**Exercise details:**
Only one stretch of the records below is wanted: the lines from the one holding "Definition o0 : 'I_3 := @Ordinal 3 0 isT." through the one holding "a o0 * b o1". Return it exactly, both ends included.

+++ Extracted material +++

(* Let $\mathfrak{g}=\mathfrak{sl}_3\oplus\mathfrak{sl}_3\oplus\mathfrak{sl}_3$ over an algebraically closed field $\mathbb{K}$ of characteristic zero and let $\mathfrak{h}=\{(x,x,x):x\in\mathfrak{sl}_3\}$ be the diagonal subalgebra. Then $c(\mathfrak{g},\mathfrak{h})=1$ and $\mathrm{rk}(\mathfrak{g},\mathfrak{h})=6$.
   Context: Complexity of a pair: for a reductive Lie algebra $\mathfrak{g}$ over $\mathbb{K}$, let $G$ be a connected algebraic group with Lie algebra $\mathfrak{g}$ acting on $\mathfrak{g}$ by the adjoint action $\mathrm{Ad}$, and let $\mathfrak{b}$ be a Borel subalgebra of $\mathfrak{g}$. For a subalgebra $\mathfrak{h}\subseteq\mathfrak{g}$, the complexity $c(\mathfrak{g},\mathfrak{h})$ is the minimum over $g\in G$ of $\operatorname{codim}_{\mathfrak{g}}(\mathfrak{h}+\mathrm{Ad}(g)\mathfrak{b})$. Rank of a pair: $\mathrm{rk}(\mathfrak{g},\mathfrak{h})$ is the rank of the homogeneous space $G/H$, where $H\subseteq G$ is the connected subgroup with Lie algebra $\mathfrak{h}$, i.e. the rank of the lattice of weights of $B$-semi-invariant rational functions on $G/H$, $B\subseteq G$ a Borel subgroup. *)

From HB Require Import structures.
From mathcomp Require Import all_boot all_order all_algebra.
Set Implicit Arguments. Unset Strict Implicit. Unset Printing Implicit Defensive.
Import Order.TTheory GRing.Theory Num.Theory.
Local Open Scope ring_scope.

(* Elements of gl_3^3 (ambient of g = sl_3^3) and of SL_3^3 are triples of 3x3 matrices. *)
Definition trip (K : fieldType) := ('M[K]_3 * 'M[K]_3 * 'M[K]_3)%type.

Definition comp (K : fieldType) (t : trip K) (k : 'I_3) : 'M[K]_3 :=
  if k == 0%N :> nat then t.1.1 else if k == 1%N :> nat then t.1.2 else t.2.

Definition tmul (K : fieldType) (s t : trip K) : trip K :=
  (s.1.1 *m t.1.1, s.1.2 *m t.1.2, s.2 *m t.2).
Definition tinv (K : fieldType) (t : trip K) : trip K :=
  (invmx t.1.1, invmx t.1.2, invmx t.2).
Definition tdiag (K : fieldType) (X : 'M[K]_3) : trip K := (X, X, X).

Definition inSL3 (K : fieldType) (X : 'M[K]_3) : bool := \det X == 1.
Definition inG (K : fieldType) (t : trip K) : bool :=
  [&& inSL3 t.1.1, inSL3 t.1.2 & inSL3 t.2].
Definition upper (K : fieldType) (X : 'M[K]_3) : bool :=
  [forall i : 'I_3, forall j : 'I_3, (j < i)%N ==> (X i j == 0)].
Definition inB (K : fieldType) (t : trip K) : bool :=
  inG t && [forall k : 'I_3, upper (comp t k)].

Definition trace_form (K : fieldType) (X : 'M[K]_3) : 'M[K]_1 := (\tr X)%:M.
Definition lower_part (K : fieldType) (X : 'M[K]_3) : 'M[K]_3 :=
  \matrix_(i, j) (if (j < i)%N then X i j else 0).

Definition sl3 (K : fieldType) : {vspace 'M[K]_3} := lker (linfun (@trace_form K)).
Definition b3 (K : fieldType) : {vspace 'M[K]_3} :=
  (sl3 K :&: lker (linfun (@lower_part K)))%VS.

Definition inj1 (K : fieldType) (X : 'M[K]_3) : trip K := (X, 0, 0).
Definition inj2 (K : fieldType) (X : 'M[K]_3) : trip K := (0, X, 0).
Definition inj3 (K : fieldType) (X : 'M[K]_3) : trip K := (0, 0, X).

Definition gLie (K : fieldType) : {vspace trip K} :=
  (linfun (@inj1 K) @: sl3 K + linfun (@inj2 K) @: sl3 K + linfun (@inj3 K) @: sl3 K)%VS.
Definition bLie (K : fieldType) : {vspace trip K} :=
  (linfun (@inj1 K) @: b3 K + linfun (@inj2 K) @: b3 K + linfun (@inj3 K) @: b3 K)%VS.
Definition hdiag (K : fieldType) : {vspace trip K} := (linfun (@tdiag K) @: sl3 K)%VS.

Definition Ad (K : fieldType) (g : trip K) (t : trip K) : trip K :=
  (g.1.1 *m t.1.1 *m invmx g.1.1, g.1.2 *m t.1.2 *m invmx g.1.2, g.2 *m t.2 *m invmx g.2).

Definition codim_at (K : fieldType) (h : {vspace trip K}) (g : trip K) : nat :=
  (\dim (gLie K) - \dim (h + linfun (Ad g) @: bLie K))%N.

Definition is_complexity (K : fieldType) (h : {vspace trip K}) (c : nat) : Prop :=
  (exists2 g, inG g & codim_at h g = c) /\ (forall g, inG g -> (c <= codim_at h g)%N).

Inductive polyfun (K : fieldType) : (trip K -> K) -> Prop :=
| pf_const (c : K) : polyfun (fun _ => c)
| pf_coord (k i j : 'I_3) : polyfun (fun t => comp t k i j)
| pf_add (p q : trip K -> K) : polyfun p -> polyfun q -> polyfun (fun t => p t + q t)
| pf_mul (p q : trip K -> K) : polyfun p -> polyfun q -> polyfun (fun t => p t * q t).

(* A rational function on G is p/q with p, q regular and q not identically 0 on G
   (G is irreducible, so identities of rational functions are checked as
   polynomial identities after clearing denominators, pointwise on G). *)
Definition ratfun (K : fieldType) (p q : trip K -> K) : Prop :=
  [/\ polyfun p, polyfun q & exists2 g, inG g & q g != 0].

(* H = diagonal SL_3 in G (connected subgroup with Lie algebra hdiag);
   K(G/H) = right-H-invariant rational functions on G. *)
Definition rightH_inv (K : fieldType) (p q : trip K -> K) : Prop :=
  forall g x, inG g -> inSL3 x ->
    p (tmul g (tdiag x)) * q g = p g * q (tmul g (tdiag x)).

(* Characters of B (they factor through T = diagonal); for SL_3 every character
   of T is uniquely t |-> t_00^a t_11^b, so X(B) = Z^6, lambda : 'rV[int]_6. *)
Definition widx (k : 'I_3) (i : 'I_2) : 'I_6 := inord (2 * k + i).
Definition widx_row (i : 'I_2) : 'I_3 := widen_ord (isT : (2 <= 3)%N) i.
Definition character (K : fieldType) (lam : 'rV[int]_6) (b : trip K) : K :=
  \prod_(k < 3) \prod_(i < 2) (comp b k (widx_row i) (widx_row i)) ^ (lam 0 (widx k i)).

Definition is_weight (K : fieldType) (lam : 'rV[int]_6) : Prop :=
  exists p q : trip K -> K,
    [/\ ratfun p q, rightH_inv p q, (exists2 g, inG g & p g != 0) &
        forall b g, inB b -> inG g ->
          p (tmul (tinv b) g) * q g = character lam b * p g * q (tmul (tinv b) g)].

Definition in_set_rows (L : 'rV[int]_6 -> Prop) (r : nat) (M : 'M[rat]_(r, 6)) : Prop :=
  forall i : 'I_r, exists2 lam, L lam & row i M = map_mx (fun z : int => z%:~R) lam.
Definition has_rank (L : 'rV[int]_6 -> Prop) (r : nat) : Prop :=
  (exists M : 'M[rat]_(r, 6), in_set_rows L M /\ row_free M) /\
  (forall M : 'M[rat]_(r.+1, 6), in_set_rows L M -> ~~ row_free M).

Definition rank_GH (K : fieldType) (r : nat) : Prop := has_rank (@is_weight K) r.

(* Complexity: dim h + dim b = 8 + 15 = 23 = dim g - 1, so h + Ad(g) b has
   codimension at least 1 for every g, with equality exactly when h meets
   Ad(g) b trivially.  Take g = (1, w0, u) with w0 the longest Weyl element and
   u lower unipotent.  If (x, x, x) lies in Ad(g) b, then x is upper triangular,
   lower triangular (a w0-conjugate of an upper triangular matrix) and has all
   row sums equal (a u-conjugate of one); so x is scalar, and being traceless
   it vanishes when char K <> 3.

   Rank: determinants of 3x3 matrices whose rows are taken among the last two
   rows of the three factors, det(g_i[2], g_j[1], g_j[2]) and
   det(g_0[2], g_1[2], g_2[2]), are invariant under right multiplication by the
   diagonal SL_3 and are B-eigenfunctions, because left multiplication by an
   upper triangular matrix acts triangularly on the last rows.  Six of them
   have linearly independent weights, and 6 is the rank of the character
   lattice of B. *)

From Pilot Require Import Defs.
From HB Require Import structures.
From mathcomp Require Import all_boot all_order all_algebra.
From mathcomp Require Import ring.
Set Implicit Arguments. Unset Strict Implicit. Unset Printing Implicit Defensive.
Import GRing.Theory.
Local Open Scope ring_scope.

Definition o0 : 'I_3 := @Ordinal 3 0 isT.
Definition o1 : 'I_3 := @Ordinal 3 1 isT.
Definition o2 : 'I_3 := @Ordinal 3 2 isT.

(* Rewriting with [entryE] puts every entry of an expanded 3x3 computation in
   the form [A (inord i) (inord j)] with numerals [i], [j], so that [ring]
   recognises equal entries reached through different ordinal terms. *)
Definition entry (T : Type) m n (A : 'M[T]_(m.+1, n.+1)) (i j : nat) :=
  A (inord i) (inord j).
Lemma entryE (T : Type) m n (A : 'M[T]_(m.+1, n.+1)) i j : A i j = entry A i j.
Proof. by rewrite /entry !inord_val. Qed.

Section ThreeByThree.
Variable R : comNzRingType.
Implicit Types A B C X : 'M[R]_3.

(* Signs are written as products with [-1], so that [det3] of coordinate
   functions is literally built from the constructors of [polyfun]. *)
Definition det3 (a b c : 'I_3 -> R) : R :=
  a o0 * b o1 * c o2 + (-1) * (a o0 * b o2 * c o1) + (-1) * (a o1 * b o0 * c o2)
  + a o1 * b o2 * c o0 + a o2 * b o0 * c o1 + (-1) * (a o2 * b o1 * c o0).

Lemma det3E A : \det A = det3 (A o0) (A o1) (A o2).
Proof.
rewrite (expand_det_row _ o0) !big_ord_recr big_ord0 /= /cofactor.
rewrite !(expand_det_row _ ord0) !big_ord_recr !big_ord0 /= /cofactor.
by rewrite !det_mx11 !mxE /det3 !(entryE A) /=; ring.
Qed.

Lemma det3_mulmxr A B C X (r s u : 'I_3) :
  det3 ((A *m X) r) ((B *m X) s) ((C *m X) u) = det3 (A r) (B s) (C u) * \det X.
Proof.
rewrite det3E /det3 !mxE !big_ord_recr !big_ord0 /=.
by rewrite !(entryE A) !(entryE B) !(entryE C) !(entryE X) /=; ring.
Qed.

Definition upper3 A := [/\ A o1 o0 = 0, A o2 o0 = 0 & A o2 o1 = 0].

Lemma det_upper3 A : upper3 A -> \det A = A o0 o0 * A o1 o1 * A o2 o2.
Proof. by case=> a10 a20 a21; rewrite det3E /det3 a10 a20 a21; ring. Qed.

(* An upper triangular left factor scales row 2 and adds to row 1 a multiple
   of row 2. *)
Lemma det3_upper_mull_pair A B C X : upper3 A -> upper3 B ->
  det3 ((A *m X) o2) ((B *m C) o1) ((B *m C) o2) =
  A o2 o2 * B o1 o1 * B o2 o2 * det3 (X o2) (C o1) (C o2).
Proof.
rewrite /upper3 /det3 !mxE !big_ord_recr !big_ord0 /=.
rewrite !(entryE A) !(entryE B) !(entryE C) !(entryE X) /=.
by move=> [_ -> ->] [-> -> ->]; ring.
Qed.

Lemma det3_upper_mull_bottom A B C X Y Z : upper3 A -> upper3 B -> upper3 C ->
  det3 ((A *m X) o2) ((B *m Y) o2) ((C *m Z) o2) =
  A o2 o2 * B o2 o2 * C o2 o2 * det3 (X o2) (Y o2) (Z o2).
Proof.
rewrite /upper3 /det3 !mxE !big_ord_recr !big_ord0 /=.
rewrite !(entryE A) !(entryE B) !(entryE C) !(entryE X) !(entryE Y) !(entryE Z) /=.
by move=> [_ -> ->] [_ -> ->] [_ -> ->]; ring.
Qed.

Lemma trace3 A : \tr A = A o0 o0 + A o1 o1 + A o2 o2.
Proof. by rewrite /mxtrace !big_ord_recr big_ord0 /= !(entryE A) /= add0r. Qed.

End ThreeByThree.

Section Weights.
Variable K : fieldType.
Implicit Types (b g t : trip K) (x : 'M[K]_3).

Lemma comp_tmul s t k : Defs.comp (tmul s t) k = Defs.comp s k *m Defs.comp t k.
Proof. by rewrite /Defs.comp; case: ifP => //; case: ifP. Qed.

Lemma comp_tdiag x k : Defs.comp (tdiag x) k = x.
Proof. by rewrite /Defs.comp; case: ifP => //; case: ifP. Qed.

Lemma upper3P x : upper x -> upper3 x.
Proof.
move=> /forallP ux; split.
- by have /forallP/(_ o0)/implyP/(_ isT)/eqP := ux o1.
- by have /forallP/(_ o0)/implyP/(_ isT)/eqP := ux o2.
- by have /forallP/(_ o1)/implyP/(_ isT)/eqP := ux o2.
Qed.

Lemma inB_upper3 b k : inB b -> upper3 (Defs.comp b k).
Proof. by case/andP => _ /forallP /(_ k) /upper3P. Qed.

Lemma inB_diag_prod b k : inB b ->
  Defs.comp b k o0 o0 * Defs.comp b k o1 o1 * Defs.comp b k o2 o2 = 1.
Proof.
move=> bB; rewrite -det_upper3; last exact: inB_upper3.
case/andP: bB => /and3P [/eqP d1 /eqP d2 /eqP d3] _.
by rewrite /Defs.comp; case: ifP => _; [|case: ifP].
Qed.

Lemma tmulKV b g : inG b -> tmul b (tmul (tinv b) g) = g.
Proof.
case: b g => [[b1 b2] b3] [[g1 g2] g3] /and3P [/eqP d1 /eqP d2 /eqP d3].
by rewrite /tmul /tinv /= !mulKVmx // unitmxE ?d1 ?d2 ?d3 unitr1.
Qed.

Lemma inG1 : inG ((1%:M, 1%:M, 1%:M) : trip K).
Proof. by rewrite /inG /inSL3 /= det1 eqxx. Qed.

Lemma semi_invariant_weight (lam : 'rV[int]_6) (p : trip K -> K) :
  polyfun p -> (forall g x, inSL3 x -> p (tmul g (tdiag x)) = p g) ->
  (forall b g, inB b -> character lam b * p (tmul b g) = p g) ->
  (exists2 g, inG g & p g != 0) -> is_weight K lam.
Proof.
move=> pp pH pB pnz; exists p, (fun _ => 1); split => //.
- by split; [|exact: pf_const|exists (1%:M, 1%:M, 1%:M); [exact: inG1|exact: oner_neq0]].
- by move=> g x _ xSL; rewrite pH.
- move=> b g bB _; have bG : inG b by case/andP: bB.
  by rewrite -{2}(tmulKV g bG) pB // !mulr1.
Qed.

Definition minor (p1 p2 p3 : 'I_3 * 'I_3) t : K :=
  det3 (Defs.comp t p1.1 p1.2) (Defs.comp t p2.1 p2.2) (Defs.comp t p3.1 p3.2).

Lemma polyfun_minor p1 p2 p3 : polyfun (minor p1 p2 p3).
Proof.
rewrite /minor /det3.
by repeat first [apply: pf_add | apply: pf_mul | apply: pf_const | apply: pf_coord].
Qed.

Lemma minor_rightH p1 p2 p3 t x : inSL3 x ->
  minor p1 p2 p3 (tmul t (tdiag x)) = minor p1 p2 p3 t.
Proof.
by move=> /eqP detx; rewrite /minor !comp_tmul !comp_tdiag det3_mulmxr detx mulr1.
Qed.

Lemma minor_weight p1 p2 p3 (d : trip K -> K) (lam : 'rV[int]_6) :
  (forall b t, inB b -> minor p1 p2 p3 (tmul b t) = d b * minor p1 p2 p3 t) ->
  (forall b, inB b -> character lam b * d b = 1) ->
  (exists2 g, inG g & minor p1 p2 p3 g != 0) -> is_weight K lam.
Proof.
move=> semi chi nz; apply: semi_invariant_weight nz; first exact: polyfun_minor.
  by move=> g x; apply: minor_rightH.
by move=> b g bB; rewrite semi // mulrA chi // mul1r.
Qed.

Lemma minor_pair_mull b t (i j : 'I_3) : inB b ->
  minor (i, o2) (j, o1) (j, o2) (tmul b t) =
  Defs.comp b i o2 o2 * Defs.comp b j o1 o1 * Defs.comp b j o2 o2 *
  minor (i, o2) (j, o1) (j, o2) t.
Proof. by move=> bB; rewrite /minor !comp_tmul det3_upper_mull_pair //; apply: inB_upper3. Qed.

Lemma minor_bottom_mull b t : inB b ->
  minor (o0, o2) (o1, o2) (o2, o2) (tmul b t) =
  Defs.comp b o0 o2 o2 * Defs.comp b o1 o2 o2 * Defs.comp b o2 o2 o2 *
  minor (o0, o2) (o1, o2) (o2, o2) t.
Proof. by move=> bB; rewrite /minor !comp_tmul det3_upper_mull_bottom //; apply: inB_upper3. Qed.

Definition cyc : 'M[K]_3 := \matrix_(i, j) (j == (i.+1 %% 3)%N :> nat)%:R.

Lemma det_cyc : \det cyc = 1.
Proof. by rewrite det3E /det3 !mxE /=; ring. Qed.

Definition trip_at (k : 'I_3) x : trip K :=
  (if k == o0 then x else 1%:M, if k == o1 then x else 1%:M, if k == o2 then x else 1%:M).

+++

**Answer section:**
Definition o0 : 'I_3 := @Ordinal 3 0 isT.
Definition o1 : 'I_3 := @Ordinal 3 1 isT.
Definition o2 : 'I_3 := @Ordinal 3 2 isT.

(* Rewriting with [entryE] puts every entry of an expanded 3x3 computation in
   the form [A (inord i) (inord j)] with numerals [i], [j], so that [ring]
   recognises equal entries reached through different ordinal terms. *)
Definition entry (T : Type) m n (A : 'M[T]_(m.+1, n.+1)) (i j : nat) :=
  A (inord i) (inord j).
Lemma entryE (T : Type) m n (A : 'M[T]_(m.+1, n.+1)) i j : A i j = entry A i j.
Proof. by rewrite /entry !inord_val. Qed.

Section ThreeByThree.
Variable R : comNzRingType.
Implicit Types A B C X : 'M[R]_3.

(* Signs are written as products with [-1], so that [det3] of coordinate
   functions is literally built from the constructors of [polyfun]. *)
Definition det3 (a b c : 'I_3 -> R) : R :=
  a o0 * b o1 * c o2 + (-1) * (a o0 * b o2 * c o1) + (-1) * (a o1 * b o0 * c o2)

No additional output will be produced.